This Scott Rasmussen column
and this more elegant Ross Douthat column
are related to a point that is worth pondering by us, and worth acting on (after the ponder) by the Republicans. It is not silly to assert that the electoral victories that are coming tomorrow are not simple pro-Republican (although they are certainly anti-Democrat). This is worth noting because the GOP will now have to think and act as if they need to earn
Tuesday's votes. And they will do this by both taking actions (on health care, taxes, deficit, etc) that prove their serious purposes and by talking as the people talk; as Rasmussen says, the people want politicians in Washington "who understand that the American people want to govern themselves." Furthermore, the GOP certainly can't scoff at the people (the folks in the Tea Parties, for example) by saying they are overly fond of their God and their guns. They had better talk as if they were of
the people, instead of being their haughty rulers, else they will be ruled by the people soon enough. That this is both right
and in the interest
of the GOP is self-evident; if the GOP doesn't get this right, there will be a third party within a year, and this time it will get more than twenty percent of the vote (thinking of Perot in '92).

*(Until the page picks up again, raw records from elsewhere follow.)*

(* Let $R$ be a set of queueing requests issued on a tree $T$ and let $r_i=(v_i,t_i)$, $r_j=(v_j,t_j)$ be two requests of $R$ that are consecutive with respect to time of occurrence ($t_i\le t_j$). Choose requests $r_a=(v_a,t_a)$ with $t_a\le t_i$ and $r_b=(v_b,t_b)$ with $t_b\ge t_j$ minimizing $\delta:=t_b-t_a-d_T(v_a,v_b)$. If $\delta>0$, then replacing every request $r=(v,t)$ with $t\ge t_j$ by the request $r'=(v,t-\delta)$ does not decrease the worst-case (over asynchronous executions) total cost of the Arrow protocol and does not increase the optimal offline cost $\mathrm{OPT}_T$.
   Context: Requests $r=(v,t)$ issued at node $v$ at time $t\ge0$; dummy request $r_0=(v_0,0)$ ordered first. Arrow protocol on a weighted tree $T$: each node $u$ has a pointer $\mathrm{link}(u)$ (itself or a neighbour), initially pointing towards $v_0$ with $\mathrm{link}(v_0)=v_0$. When $r$ is issued at $v$: if $\mathrm{link}(v)=v$, $r$ is queued behind the previous request at $v$; otherwise atomically $\mathrm{find}(r)$ is sent to $\mathrm{link}(v)$ and $\mathrm{link}(v):=v$. When $u$ receives $\mathrm{find}(r)$ from $w$: if $\mathrm{link}(u)=u$, atomically $r$ is queued behind the last request issued at $u$ and $\mathrm{link}(u):=w$; otherwise atomically forwarded to $\mathrm{link}(u)$ and $\mathrm{link}(u):=w$. In an asynchronous execution each delay over edge $e$ is at most $w(e)$. Latency of the $i$-th ordered request $r_i$ ($i\ge1$): arrival time of $\mathrm{find}(r_i)$ at the node of its predecessor minus $t_i$; total cost is the sum of latencies; worst-case cost is the supremum over asynchronous executions. $\mathrm{OPT}_T(R)=\min_\pi\sum_{i=1}^{|R|-1}\max\{d_T(v_{\pi(i-1)},v_{\pi(i)}),t_{\pi(i-1)}-t_{\pi(i)}\}$ over orderings with $\pi(0)=0$. *)

From Stdlib Require Import Reals List Permutation ClassicalEpsilon.
From Coquelicot Require Import Rbar Lub.
Import ListNotations.
Open Scope R_scope.

Section Arrow.
Context {V : Type}.
(* Let $H$ be an $m\times n$ binary parity-check matrix with Tanner graph $G$, let $\underline\gamma\in\mathbb R^n$, and let $\underline x$ be the (unique) optimal solution of the LP decoding problem $\min\{\underline\gamma^T\underline x:\underline x\in\mathscr P\}$, where $\mathscr P$ is the fundamental polytope. Let $F$ be the fractional subgraph of $G$ at $\underline x$, written as the disjoint union of its connected components (clusters) $F_1,\dots,F_K$. Then each cluster $F_i$ contains a cycle.
   Context: The Tanner graph $G$ of $H$ is the bipartite graph with variable nodes $1,\dots,n$, check nodes $1,\dots,m$, and an edge between check $j$ and variable $i$ iff $H_{ji}=1$; $N(j)$ is the set of variable nodes adjacent to check $j$. The fundamental polytope $\mathscr P$ is the set of $\underline x\in[0,1]^n$ such that for every $j$ and every odd-sized $V\subseteq N(j)$, $\sum_{i\in V}x_i-\sum_{i\in N(j)\setminus V}x_i\le |V|-1$. The fractional subgraph $F$ at $\underline x$ is the subgraph of $G$ consisting of the variable nodes $i$ with $0<x_i<1$, the check nodes adjacent to them, and all edges between these nodes. *)

From HB Require Import structures.
From mathcomp Require Import all_boot all_order all_algebra.
Set Implicit Arguments. Unset Strict Implicit. Unset Printing Implicit Defensive.
Import Order.TTheory GRing.Theory Num.Theory.
Local Open Scope ring_scope.

(* Tanner graph of a binary m x n parity-check matrix H (entries in bool).
   Vertices: inl i = variable node i, inr j = check node j. *)
Definition tanner_vertex (m n : nat) : finType := ('I_n + 'I_m)%type.

Definition tanner_adj (m n : nat) (H : 'M[bool]_(m, n)) :
  rel (tanner_vertex m n) :=
  fun u v => match u, v with
  | inl i, inr j => H j i
  | inr j, inl i => H j i
  | _, _ => false
  end.

Definition nbhd (m n : nat) (H : 'M[bool]_(m, n)) (j : 'I_m) : {set 'I_n} :=
  [set i | H j i].

Definition in_fund_polytope (R : realFieldType) (m n : nat)
  (H : 'M[bool]_(m, n)) (x : 'I_n -> R) : Prop :=
  (forall i, 0 <= x i <= 1) /\
  (forall (j : 'I_m) (V : {set 'I_n}), V \subset nbhd H j -> odd #|V| ->
     \sum_(i in V) x i - \sum_(i in nbhd H j :\: V) x i <= #|V|%:R - 1).

Definition lp_cost (R : realFieldType) (n : nat) (g x : 'I_n -> R) : R :=
  \sum_(i < n) g i * x i.

Definition unique_lp_optimum (R : realFieldType) (m n : nat)
  (H : 'M[bool]_(m, n)) (g x : 'I_n -> R) : Prop :=
  [/\ in_fund_polytope H x,
      (forall y, in_fund_polytope H y -> lp_cost g x <= lp_cost g y)
    & (forall y, in_fund_polytope H y -> lp_cost g y = lp_cost g x ->
         forall i, y i = x i)].

Definition frac_vertex (R : realFieldType) (m n : nat)
  (H : 'M[bool]_(m, n)) (x : 'I_n -> R) (v : tanner_vertex m n) : bool :=
  match v with
  | inl i => (0 < x i) && (x i < 1)
  | inr j => [exists i, H j i && ((0 < x i) && (x i < 1))]
  end.

Definition frac_adj (R : realFieldType) (m n : nat)
  (H : 'M[bool]_(m, n)) (x : 'I_n -> R) : rel (tanner_vertex m n) :=
  fun u v => [&& frac_vertex H x u, frac_vertex H x v & tanner_adj H u v].

Definition cluster_has_cycle (R : realFieldType) (m n : nat)
  (H : 'M[bool]_(m, n)) (x : 'I_n -> R) (v : tanner_vertex m n) : Prop :=
  exists s : seq (tanner_vertex m n),
    [/\ (3 <= size s)%N, uniq s, cycle (frac_adj H x) s
      & all (fun w => connect (frac_adj H x) v w) s].

From HB Require Import structures.
From mathcomp Require Import all_boot all_order all_algebra.
From mathcomp Require Import zify ring lra.
Set Implicit Arguments. Unset Strict Implicit. Unset Printing Implicit Defensive.
Import Order.TTheory GRing.Theory Num.Theory.
Definition coltuple (m : nat) (c : 'cV[R]_m) : m.-tuple R := [tuple c i 0 | i < m].

Lemma coltupleK m : cancel (@coltuple m) (@tcol R m).
Proof. by move=> c; apply/matrixP => i j; rewrite !mxE tnth_mktuple (ord1 j). Qed.

Lemma tcolK m : cancel (@tcol R m) (@coltuple m).
Proof. by move=> t; apply: eq_from_tnth => i; rewrite tnth_mktuple mxE. Qed.

Lemma tcol_permute n (s : 'S_n) (t : n.-tuple R) :
  tcol (permute_tuple s t) = perm_mx s *m tcol t.
Proof. by apply/matrixP => i j; rewrite -row_permE !mxE !tnth_mktuple. Qed.

Lemma measurable_mulmx_tcol n m (M : 'M[R]_(m, n)) :
  measurable_fun setT (fun t : n.-tuple R => coltuple (M *m tcol t)).
Proof.
apply/measurable_fun_tnthP => i.
rewrite (_ : _ \o _ = fun t => \sum_(j <- index_enum 'I_n) M i j * tnth t j).
  by apply: measurable_sum => j; apply: measurableT_comp => //; exact: measurable_tnth.
apply/funext => t /=; rewrite tnth_mktuple !mxE.
by apply: eq_bigr => j _; rewrite mxE.
Qed.

Lemma measurable_permute_tuple n (s : 'S_n) :
  measurable_fun setT (@permute_tuple R n s).
Proof.
rewrite (_ : permute_tuple s = fun t => coltuple (perm_mx s *m tcol t)).
  exact: measurable_mulmx_tcol.
by apply/funext => t; rewrite -tcol_permute tcolK.
Qed.
Unset Implicit Arguments.
Theorem theorem2 (R : realType) (p q : nat)
  (F G : 'rV[R]_(p + q) -> R) (L M delta xi : R)
  (etaw etaa : nat -> R) (z : nat -> 'rV[R]_(p + q)) :
  0 < L ->
  A1 L F -> A1 L G -> A2 M F -> A2 M G ->
  0 < delta -> 0 < xi -> xi < 1 ->
  (forall t, (1 <= t)%N -> 0 < etaa t) ->
  (forall t, (1 <= t)%N -> 0 < etaw t) ->
  cvg ([sequence \sum_(1 <= t < n) etaa t]_n @ \oo) ->
  [sequence \sum_(1 <= t < n) etaw t]_n @ \oo --> +oo ->
  cvg ([sequence \sum_(1 <= t < n) etaw t ^+ 2]_n @ \oo) ->
  (forall t, (1 <= t)%N ->
     etaa t < etaw t /\ etaw t < Num.min ((1 - xi) / L) 1) ->
  (forall t, (1 <= t)%N ->
     z t.+1 = ebomlc_step F G delta xi (etaw t) (etaa t) (z t)) ->
  (fun t => enorm (gradw F (z t))) @ \oo --> (0 : R).
Proof.
move=> L_gt0 hF hG bF bG delta_gt0 xi_gt0 xi_lt1 ea_gt0 ew_gt0 ea_cvg ew_div ew2_cvg
  rates zS.
have ea_le_ew t : (1 <= t)%N -> etaa t <= etaw t by move/rates=> [/ltW].
have [M_ge0 L_ge0 delta_ge0] := And3 (A2_ge0 bF) (ltW L_gt0) (ltW delta_gt0).
pose D := 2 * M * (1 + delta).
pose K := delta * L * M ^+ 2 + 4 * L * D ^+ 2.
have K_ge0 : 0 <= K by apply: addr_ge0; apply: mulr_ge0; rewrite ?sqr_ge0 ?mulr_ge0.
have MD_ge0 : 0 <= M * D by rewrite !mulr_ge0 ?addr_ge0.
have err_le := partial_sum_lincomb_le K_ge0 MD_ge0 (fun t _ => sqr_ge0 (etaw t))
  (fun t t1 => ltW (ea_gt0 t t1)) ew2_cvg ea_cvg.
apply: (weighted_sqr_bounded_cvg0 ew_gt0 _ (K := L * (2 * D))) ew_div
  (sum_descent_bounded (c := 1 - xi) (f := fun t => F (z t)) _ (fun t => (bF _).1) err_le _).
- by move=> t; exact: enorm_ge0.
- move=> t t1; rewrite zS //; apply: le_trans (enorm_gradw_lipschitz hF _ _) _.
  rewrite -mulrA; apply: ler_wpM2l; first exact: ltW.
  exact: enorm_ebomlc_step_sub_le bF bG delta_gt0 xi_gt0 xi_lt1
    (ltW (ea_gt0 t t1)) (ea_le_ew t t1).
- by rewrite subr_gt0.
- move=> t t1; rewrite zS // /= mulrA addrA.
  exact: ebomlc_step_descent (ltW L_gt0) hF hG bF bG delta_gt0 xi_gt0 xi_lt1
    (ltW (ea_gt0 t t1)) (ea_le_ew t t1).
Qed.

Anyway, it seems to me that Douthat's point--that the country's leftward momentum has reversed itself; that nearly 20 years of liberal gains have been erased in the last 20 months--is also important. The Dems' great mistake was to try to expand the size and scope and reach of the federal government during an economic downturn; this tactical mistake (as Douthat calls it) has gone way beyond a strategic mistake, and if the GOP can take advantage of it, it will have teleological consequences opening up the question of self-government itself. The people came to realize that the Republic was in danger, that the idea of self-government was about to perish from the earth. They are voting to stop this.
Douthat doesn't think the GOP will be prepared to wield power. I don't think this is the most important point. I think they are prepared to wield power, but they do not yet understand how this gift from the people has opened up an opportunity the like of which has not been seen in my lifetime. The GOP has to understand this, and also know that it is good that the Spirit of '76 has been raised, and it is up to the GOP to establish a rhetoric appropriate to this end. I don't mean a narrow partisan rhetoric, I mean a rhetoric that is worthy of the American cause, a rhetoric that is not only acceptable to those in the Tea Party, but also pulls in those who have not yet fully thought things through (i.e., a rhetoric that can shape a majority that will have the authority
to wield power). When the Republic is in a crisis there is a need for the kind of political evangelism
that will reveal once again how the salvation of man's earthly hopes is bound up in the American Republic. This rhetoric will have to prove that self-government is possible, it will prove that (in George Washington's words) the idea of civil and religious liberty yet lives, in short, that Americans are good enough to govern themselves.